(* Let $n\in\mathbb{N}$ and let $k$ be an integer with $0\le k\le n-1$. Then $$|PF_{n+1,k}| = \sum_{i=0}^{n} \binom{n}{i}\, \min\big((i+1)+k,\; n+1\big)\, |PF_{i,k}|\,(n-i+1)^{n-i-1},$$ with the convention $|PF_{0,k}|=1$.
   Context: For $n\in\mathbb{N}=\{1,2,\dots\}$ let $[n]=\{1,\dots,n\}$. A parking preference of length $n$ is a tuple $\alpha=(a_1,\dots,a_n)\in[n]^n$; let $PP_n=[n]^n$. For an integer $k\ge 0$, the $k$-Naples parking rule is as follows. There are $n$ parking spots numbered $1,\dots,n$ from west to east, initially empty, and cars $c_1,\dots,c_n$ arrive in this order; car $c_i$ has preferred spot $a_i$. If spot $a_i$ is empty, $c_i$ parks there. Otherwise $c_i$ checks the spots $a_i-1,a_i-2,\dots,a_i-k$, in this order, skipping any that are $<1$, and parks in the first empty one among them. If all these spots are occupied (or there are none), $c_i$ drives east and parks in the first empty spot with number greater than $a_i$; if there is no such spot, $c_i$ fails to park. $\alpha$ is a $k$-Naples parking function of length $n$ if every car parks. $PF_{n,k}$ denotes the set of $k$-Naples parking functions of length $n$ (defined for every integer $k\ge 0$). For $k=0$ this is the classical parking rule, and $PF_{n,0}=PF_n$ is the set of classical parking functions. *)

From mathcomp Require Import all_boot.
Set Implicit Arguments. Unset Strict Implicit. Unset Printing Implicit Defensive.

┄┄┄┄┄┄

Retype the data. Every line must match the original exactly.

• Your solution:
(* Let $n\in\mathbb{N}$ and let $k$ be an integer with $0\le k\le n-1$. Then $$|PF_{n+1,k}| = \sum_{i=0}^{n} \binom{n}{i}\, \min\big((i+1)+k,\; n+1\big)\, |PF_{i,k}|\,(n-i+1)^{n-i-1},$$ with the convention $|PF_{0,k}|=1$.
   Context: For $n\in\mathbb{N}=\{1,2,\dots\}$ let $[n]=\{1,\dots,n\}$. A parking preference of length $n$ is a tuple $\alpha=(a_1,\dots,a_n)\in[n]^n$; let $PP_n=[n]^n$. For an integer $k\ge 0$, the $k$-Naples parking rule is as follows. There are $n$ parking spots numbered $1,\dots,n$ from west to east, initially empty, and cars $c_1,\dots,c_n$ arrive in this order; car $c_i$ has preferred spot $a_i$. If spot $a_i$ is empty, $c_i$ parks there. Otherwise $c_i$ checks the spots $a_i-1,a_i-2,\dots,a_i-k$, in this order, skipping any that are $<1$, and parks in the first empty one among them. If all these spots are occupied (or there are none), $c_i$ drives east and parks in the first empty spot with number greater than $a_i$; if there is no such spot, $c_i$ fails to park. $\alpha$ is a $k$-Naples parking function of length $n$ if every car parks. $PF_{n,k}$ denotes the set of $k$-Naples parking functions of length $n$ (defined for every integer $k\ge 0$). For $k=0$ this is the classical parking rule, and $PF_{n,0}=PF_n$ is the set of classical parking functions. *)

From mathcomp Require Import all_boot.
Set Implicit Arguments. Unset Strict Implicit. Unset Printing Implicit Defensive.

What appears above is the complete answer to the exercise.